Tenable Research has demonstrated how to audit, log, and even firewall Large Language Model (LLM) tool calls running over Model Context Protocol (MCP) through strategies that resemble prompt injection.
MCP
MCP, a new standard from Anthropic, allows AI chatbots to connect to external tools and complete tasks autonomously. But as adoption grows, so do security concerns.
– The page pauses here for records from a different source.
Lemma sum_on_count : exists m, (m <= n)%nat /\ sum_on n P (fun _ => 1) = INR m.
Proof.
  unfold sum_on; induction n as [| n' IH]; [now exists 0%nat |].
  destruct IH as (m & Hm & E); cbn [sumK]; rewrite E.
  destruct (P n'); [exists (S m); rewrite S_INR | exists m]; split; try lia; ring.
Qed.

Lemma sum_on_pos_ex f : 0 < sum_on n P f -> exists k, (k < n)%nat /\ P k = true.
Proof.
  unfold sum_on; induction n as [| n' IH]; cbn [sumK]; intros H; [lra |].
  destruct (P n') eqn:Pn; [exists n'; split; [lia | exact Pn] |].
  destruct IH as (k & Hk & Pk); [lra | exists k; split; [lia | exact Pk]].
Qed.

End SumOn.

(** * The entropy, its gradient and its Hessian form *)

Definition phi (a t : R) : R :=
  if Req_EM_T a 0 then - ln t
  else if Req_EM_T a 1 then t * ln t
  else - (Rpower t a / (a * (1 - a))).

Definition dphi (a t : R) : R :=
  if Req_EM_T a 0 then - / t
  else if Req_EM_T a 1 then ln t + 1
  else - (Rpower t (a - 1) / (1 - a)).

Lemma negS_sumK a K r : - S_alpha a K r = sumK K (fun k => phi a (r k)).
Proof.
  unfold S_alpha, phi; destruct (Req_EM_T a 0); [| destruct (Req_EM_T a 1)].
  - transitivity (-1 * sumK K (fun k => ln (r k))); [ring |].
    rewrite <- sumK_scal; apply sumK_ext; intros; ring.
  - apply Ropp_involutive.
  - transitivity (- / (a * (1 - a)) * sumK K (fun k => Rpower (r k) a)); [unfold Rdiv; ring |].
    rewrite <- sumK_scal; apply sumK_ext; intros; unfold Rdiv; ring.
Qed.

Lemma is_derive_phi a t : 0 < t -> is_derive (phi a) t (dphi a t).
Proof.
  intros Ht; unfold phi, dphi.
  destruct (Req_EM_T a 0); [| destruct (Req_EM_T a 1)]; auto_derive;
    try (exact Ht || apply ex_derive_Rpower, Ht).
  - ring.
  - field; lra.
  - rewrite Derive_Rpower by exact Ht; field; split; lra.
Qed.

Lemma is_derive_dphi a t : 0 < t -> is_derive (dphi a) t (Rpower t (a - 2)).
Proof.
  intros Ht; unfold dphi.
  destruct (Req_EM_T a 0) as [-> | Ha0]; [| destruct (Req_EM_T a 1) as [-> | Ha1]];
    auto_derive; try (lra || apply ex_derive_Rpower, Ht).
  - replace (0 - 2) with (- (1 + 1)) by ring.
    rewrite (Rpower_Ropp t), Rpower_plus, Rpower_1 by exact Ht; field; lra.
  - replace (1 - 2) with (- (1)) by ring.
    rewrite (Rpower_Ropp t), Rpower_1 by exact Ht; field; lra.
  - rewrite Derive_Rpower by exact Ht.
    replace (a - 1 - 1) with (a - 2) by ring; field; lra.
Qed.
(* Let $X\neq\emptyset$ be a countable set and let $F=(F_x)_{x\in X}$ be a family of finite-dimensional complex vector spaces. Let $A\colon \Gamma(X;F)\to\Gamma(X;F)$ be a continuous linear operator. Then the following are equivalent: (i) $A$ is surjective; (ii) the dual operator $A'\colon \Gamma_c(X;F')\to\Gamma_c(X;F')$ is injective.
   Context: $\Gamma(X;F)=\prod_{x\in X}F_x$ is the space of all maps $f$ on $X$ with $f(x)\in F_x$ for all $x$, equipped with the product topology (each $F_x$ carries its unique Hausdorff vector space topology); equivalently the locally convex topology generated by the seminorms $p_K(f)=\sum_{x\in K}\|f(x)\|_x$, $K\subseteq X$ finite, where $\|\cdot\|_x$ is a fixed norm on $F_x$. $\Gamma_c(X;F)$ is the subspace of $f$ vanishing outside a finite set. $F'=(F_x')_{x\in X}$ is the family of dual spaces. $\Gamma_c(X;F')$ is identified with the continuous dual of $\Gamma(X;F)$ via the pairing $(\varphi,f)=\sum_{x\in X}\varphi(x)(f(x))$. A linear operator $A$ on $\Gamma(X;F)$ is continuous iff for every $x\in X$ there is a finite $K\subseteq X$ such that $Af(x)$ depends only on $f|_K$. For continuous $A$, the dual operator $A'\colon\Gamma_c(X;F')\to\Gamma_c(X;F')$ is defined by $(A'\varphi,f)=(\varphi,Af)$ for all $f\in\Gamma(X;F)$, $\varphi\in\Gamma_c(X;F')$. *)

From HB Require Import structures.
From mathcomp Require Import all_boot all_order all_algebra.
From mathcomp Require Import boolp classical_sets fsbigop reals.
From mathcomp Require Import complex.
Set Implicit Arguments. Unset Strict Implicit. Unset Printing Implicit Defensive.
Import Order.TTheory GRing.Theory Num.Theory.
Local Open Scope ring_scope.

Section Sections.
Variables (K : fieldType) (X : choiceType) (F : X -> vectType K).

Definition Gam := forall x : X, F x.

Definition DualSec := forall x : X, 'Hom(F x, K^o).

(* Membership in Gamma_c(X;F'): vanishing outside a finite set. *)
Definition fin_supp (phi : DualSec) : Prop :=
  exists s : seq X, forall x, x \notin s -> phi x = 0.

(* The pairing (phi, f) = sum_x phi(x)(f(x)) (a finite sum for phi in Gamma_c). *)
Definition pairing (phi : DualSec) (f : Gam) : K :=
  \sum_(x \in [set: X]) (phi x (f x) : K).

Definition lin_op (A : Gam -> Gam) : Prop :=
  forall (a : K) (f g : Gam),
    A (fun x => a *: f x + g x) = (fun x => a *: A f x + A g x).

(* Continuity of A w.r.t. the product topology, via the criterion:
   for every x there is a finite K such that Af(x) depends only on f|_K. *)
Definition cont_op (A : Gam -> Gam) : Prop :=
  forall x : X, exists Ks : seq X, forall f g : Gam,
    (forall y, y \in Ks -> f y = g y) -> A f x = A g x.

Definition dual_op (A : Gam -> Gam) (A' : DualSec -> DualSec) : Prop :=
  (forall phi, fin_supp phi -> fin_supp (A' phi)) /\
  (forall phi, fin_supp phi -> forall f : Gam, pairing (A' phi) f = pairing phi (A f)).

Definition surj_op (A : Gam -> Gam) : Prop := forall g : Gam, exists f, A f = g.

Definition inj_on_Gc (A' : DualSec -> DualSec) : Prop :=
  forall phi psi, fin_supp phi -> fin_supp psi -> A' phi = A' psi -> phi = psi.

End Sections.

From HB Require Import structures.
From mathcomp Require Import all_boot all_order all_algebra.
From mathcomp Require Import boolp classical_sets fsbigop reals.
From mathcomp Require Import complex.
Set Implicit Arguments. Unset Strict Implicit. Unset Printing Implicit Defensive.
Import GRing.Theory.
Local Open Scope ring_scope.

(* Via the pairing, Gamma(X;F) is the algebraic dual of Gamma_c(X;F') (each F_x
   is finite-dimensional) and A is the transpose of A'.  If A is onto, A' is
   injective because Gamma(X;F) separates Gamma_c(X;F').  Conversely, to solve
   A f = g, the functional A' psi |-> (psi, g) is well defined on the range of A'
   when A' is injective; it extends to all of Gamma_c(X;F'), which is spanned by
   a countable family, step by step along that family (no Zorn's lemma); and the
   extension is (., f) for some section f, which then satisfies A f = g. *)

Definition linear_on (K : fieldType) (V : lmodType K) (S : V -> Prop) (mu : V -> K) :=
  forall a v w, S v -> S w -> mu (a *: v + w) = a * mu v + mu w.

Section LinearOn.
Variables (K : fieldType) (V : lmodType K) (S : V -> Prop) (mu : V -> K).
Hypothesis S0 : S 0.
Hypothesis S_lin : forall a v w, S v -> S w -> S (a *: v + w).
Hypothesis mu_lin : linear_on S mu.

Lemma linear_on0 : mu 0 = 0.
Proof.
have := mu_lin 1 S0 S0; rewrite scale1r addr0 mul1r => mu00.
by apply: (addrI (mu 0)); rewrite addr0 -mu00.
Qed.

Lemma linear_onZ a v : S v -> mu (a *: v) = a * mu v.
Proof. by move=> Sv; rewrite -[a *: v]addr0 mu_lin // linear_on0 addr0. Qed.

Lemma linear_on_sum I (r : seq I) (G : I -> V) : (forall i, S (G i)) ->
  mu (\sum_(i <- r) G i) = \sum_(i <- r) mu (G i).
Proof.
move=> SG; elim: r => [|i r IH]; first by rewrite !big_nil linear_on0.
have Ssum : S (\sum_(j <- r) G j).
  by apply: (big_ind S) => // v w Sv Sw; rewrite -[v]scale1r; apply: S_lin.
by rewrite !big_cons -IH -{1}[G i]scale1r mu_lin // mul1r.
Qed.

End LinearOn.

Section CountableExtension.
Variables (K : fieldType) (V : lmodType K) (W : V -> Prop) (nu : V -> K) (u : nat -> V).
Hypothesis W0 : W 0.
Hypothesis W_lin : forall a v w, W v -> W w -> W (a *: v + w).
Hypothesis nu_lin : linear_on W nu.

Definition span_upto n v :=
  exists2 w, W w & exists c : nat -> K, v = w + \sum_(k < n) c k *: u k.

Definition spanned v := exists n, span_upto n v.

Lemma span_upto_W n w : W w -> span_upto n w.
Proof.
by exists w => //; exists (fun=> 0); rewrite big1 ?addr0 // => k _; rewrite scale0r.
Qed.
(* Induction on the length: [M_u = H_s M_(sus)] for a descent [s] of [u], and
   [s_1 s_3 ... s_(n-1)] is the only element without descents. *)
Lemma bar_Mbasis_triangular (u : F n) : B (Mbasis u) u = lone /\
  forall w, w != u -> ellF u <= ellF w -> B (Mbasis u) w = lzero.
Proof.
case: (hB) => _ _ hh h0.
elim: {u}(ellF u).+1 {-2}u (ltnSn (ellF u)) => [//|N IH] u hu.
have [Ez|Nz] := eqVneq (val u) (z0perm n).
  by rewrite (h0 u Ez) /Mbasis eqxx; split => // w /negbTE ->.
have [i hi hl] := exists_ellF_descent n_even (elimN eqP Nz).
set s := sref n i in hl; set x := conjF s u in hl.
have ux : u = conjF s x by rewrite /x conjF_srefK.
have xN : ellF x < N by lia.
have [IH1 IH2] := IH x xN.
have -> : Mbasis u = Hact s (Mbasis x) by rewrite ux Hact_Mbasis_ascent // -ux.
rewrite (hh i _ hi); set m := B (Mbasis x) in IH1 IH2 *.
have xu : x != u by apply/eqP => E; move: hl; rewrite E; lia.
have m_u : m u = lzero by apply: IH2; [rewrite eq_sym | lia].
split.
  apply/fsfunP => k; rewrite /Hinvact /madd /mscale laddE /Hact -/x (negbTE xu).
  have -> : ell (val x) < ell (val u) by rewrite /ellF in hl; lia.
  by rewrite laddE IH1 m_u !lmulr0E !addr0.
move=> w wu hw.
have wx : w != x by apply/eqP => E; move: hw; rewrite E; lia.
have m_w : m w = lzero by apply: IH2 => //; lia.
have m_sws : m (conjF s w) = lzero.
  apply: IH2; first by rewrite conjF_sref_eq -ux.
  by have := ellF_conjF_sref hi w; rewrite -/s => -[->|E|E]; lia.
apply/fsfunP => k.
rewrite /Hinvact /madd /mscale laddE /Hact m_w m_sws lmulr0E lzeroE addr0.
case: ifP => _; first by rewrite lmulr0E.
case: ifP => _; last by rewrite lzeroE.
by rewrite laddE lmulr0E lzeroE.
Qed.

Lemma bar_invariant_top_sym (m : module n) (w : F n) : B m = m ->
  (forall u, ellF w < ellF u -> m u = lzero) -> forall k, m w (- k)%R = m w k.
Proof.
move=> Bm top k; case: hB => _ hs _ _.
have := congr1 (fun a : module n => a w k) Bm.
rewrite {1}(module_decomp m) bar_msum msumE => <-.
rewrite (bigD1_seq w) ?mem_enum ?enum_uniq //=.
rewrite hs /mscale (proj1 (bar_Mbasis_triangular w)) lmulr1E lbarE big1 ?addr0 // => u uw.
rewrite hs /mscale; case: (ltnP (ellF w) (ellF u)) => lt.
  by rewrite top // lbar0 lmul0E.
by rewrite (proj2 (bar_Mbasis_triangular u)) ?lmulr0E // eq_sym.
Qed.

(* The coefficients at an element of maximal length are symmetric under
   [v |-> v^-1]; if they have no terms of nonnegative degree, they vanish. *)
Lemma bar_invariant_eq0 (m : module n) : B m = m ->
  (forall w, (forall u, ellF w < ellF u -> m u = lzero) ->
     forall k, (0 <= k)%R -> m w k = 0%R) ->
  forall w, m w = lzero.
Proof.
move=> Bm pos w0; apply/eqP/negPn/negP => nz.
have [w nzw wmax] := @arg_maxnP _ w0 (fun w => m w != lzero) (@ellF n) nz.
have top u : ellF w < ellF u -> m u = lzero.
  by move=> lt; apply/eqP/negPn/negP => nzu; have := wmax u nzu; lia.
move/eqP: nzw; apply; apply/fsfunP => k; rewrite lzeroE.
have [k0|k0] := lerP 0%R k; first exact: pos.
by rewrite -(bar_invariant_top_sym Bm top) pos // oppr_ge0 ltW.
Qed.

Lemma bar_Hsubv i (m : module n) : 0 < i < n -> B m = m ->
  B (Hsubv (sref n i) m) = Hsubv (sref n i) m.
Proof.
move=> hi Bm; case: (hB) => ha hs hh _.
rewrite /Hsubv ha hs (hh i _ hi) Bm lbar_lopp_lmono.
apply: module_ext => w k; rewrite /Hinvact /madd /mscale !laddE.
rewrite !lmul_loppE lmul_vmvinvE !lmul_lmonoE !mul1r opprK.
by rewrite addrC; ring.
Qed.

Section CanonicalBasis.
Variable C : F n -> module n.
Hypothesis hC : is_canonical_basis B C.

Lemma canonical_coef_nonneg y w k : w != y -> (0 <= k)%R -> C y w k = 0%R.
Proof.
move=> wy k0; have [_ _ /(_ w wy)] := hC y.
by case=> [[_ ->]|->] //; rewrite lzeroE.
Qed.

Lemma Hsubv_canonical_eq0 i y : 0 < i < n -> tau y i ->
  forall w, Hsubv (sref n i) (C y) w = lzero.
Proof.
move=> hi ty; set s := sref n i; set c := C y.
have [Bc cyy _] := hC y.
have le_y : ellF (conjF s y) <= ellF y by case/and3P: ty => _ _ /bruhat_le_ellF.
apply: bar_invariant_eq0 (bar_Hsubv hi Bc) _ => w top k k0.
have [Ew|Nw] := eqVneq (conjF s w) w; first exact: Hsubv_fixE.
have [lt|ge] := boolP (ellF (conjF s w) < ellF w).
  rewrite Hsubv_descE //.
  have -> : c w (k + 1)%R = 0%R.
    have [->|wy] := eqVneq w y; last by apply: canonical_coef_nonneg => //; lia.
    by rewrite /c cyy loneE; case: eqP => //; lia.
  have -> : c (conjF s w) k = 0%R.
    apply: canonical_coef_nonneg => //; rewrite conjF_sref_eq; apply/eqP => E.
    by move: lt le_y; rewrite E -/s conjF_srefK; lia.
  by rewrite subrr.
have up : ellF w < ellF (conjF s w).
  have := ellF_conjF_sref hi w; rewrite -/s => -[E|E|E]; try lia.
  by move: Nw; rewrite E eqxx.
have := top _ up => /(congr1 (fun f : laurent => f (k - 1)%R)).
rewrite lzeroE Hsubv_descE ?conjF_srefK 1?eq_sym // Hsubv_ascE // subrK.
by move=> E; rewrite -opprB E oppr0.
Qed.

Lemma canonical_mu_conjF i x y : 0 < i < n -> tau y i -> ~~ tau x i ->
  mu C x y != 0%R -> y = conjF (sref n i) x.
Proof.
move=> hi ty; rewrite (tau_ellF hi) negb_or => /andP[Nx asc] mxy.
have := Hsubv_ascE (C y) 0 Nx asc; rewrite Hsubv_canonical_eq0 // lzeroE sub0r.
move/eqP; rewrite eq_sym subr_eq0 => /eqP E.
apply/eqP; rewrite eq_sym; apply: contraR mxy => Ny.
by rewrite /mu -E canonical_coef_nonneg.
Qed.

Lemma nonnesting_bidirected a b : bidirected C a b -> nonnesting_F a -> nonnesting_F b.
Proof.
rewrite /bidirected /omega; case: ifP => [nsab|_]; last by rewrite eqxx.
case: ifP => [nsba|_]; last by rewrite andbF.
case/andP=> mab_mba _ Pa.
have fKa := nat_permK (valP a); have fKb := nat_permK (valP b).
have [mab|mba] : mu C a b != 0%R \/ mu C b a != 0%R.
  by case: (eqVneq (mu C a b) 0%R) mab_mba => [->|]; [rewrite add0r; right | left].
- have [i /andP[]] := ntau_subsetP nsba; have := @tau_range _ b i.
  case: (nat_of_ord i) => [|c] hi tb nta; first by have := hi tb.
  have {}hi := hi tb; have cn : c.+1 < n by lia.
  have Eb := canonical_mu_conjF hi tb nta mab.
  have hf k : k < n -> nat_perm (val b) k = adjswap c (nat_perm (val a) (adjswap c k)).
    by move=> kn; rewrite Eb nat_perm_conjF.
  have [j /andP[ta ntb]] := ntau_subsetP nsab.
  have := tau_range ta; case: (nat_of_ord j) ta ntb => [|e] ta ntb hj //.
  have en : e.+1 < n by case/andP: hj.
  exact: (nonnesting_conj_ascent cn hf fKa (nat_perm_lt _) (nat_perm_neq (valP a))
            (ascent_of_ntau hi nta) Pa en (descent_of_tau ta) (ascent_of_ntau hj ntb)).
- have [i /andP[]] := ntau_subsetP nsab; have := @tau_range _ a i.
  case: (nat_of_ord i) => [|c] hi ta ntb; first by have := hi ta.
  have {}hi := hi ta; have cn : c.+1 < n by lia.
  have Ea := canonical_mu_conjF hi ta ntb mba.
  have hf k : k < n -> nat_perm (val a) k = adjswap c (nat_perm (val b) (adjswap c k)).
    by move=> kn; rewrite Ea nat_perm_conjF.
  exact: (nonnesting_adjswap_conj_ascent cn hf fKb (ascent_of_ntau hi ntb) Pa).
Qed.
“MCP tools are easy to develop and plentiful, but they do not embody the principles of security by design and should be handled with care. So, while these new techniques are useful for building powerful tools, those same methods can be repurposed for nefarious means,” Ben Smith, senior staff research engineer at Tenable.
Prompt injection
“Prompt Injection remains one of the key risks. Smith wrote in a blog that it is a weakness in LLMs that can be used to elicit unintended behaviour, circumvent safeguards and produce potentially malicious responses. Prompt injection occurs when an attacker instructs the LLM to disregard other rules and do the attacker’s bidding.”
Key research highlights
The research found that cross-model behaviour varies: “These methods rely on LLM prompting via the description and return values of the MCP tools themselves. Since LLMs are non-deterministic, so are the results. Lots of things could affect the results here: the model in use, temperature and safety settings, specific language, etc,” Smith explained.
It also found that the mechanisms used to exploit can help audit toolchains, detect malicious or unknown tools, and build guardrails inside MCP hosts.
Further, Smith urged that tools should require explicit approval before running in most MCP Host applications.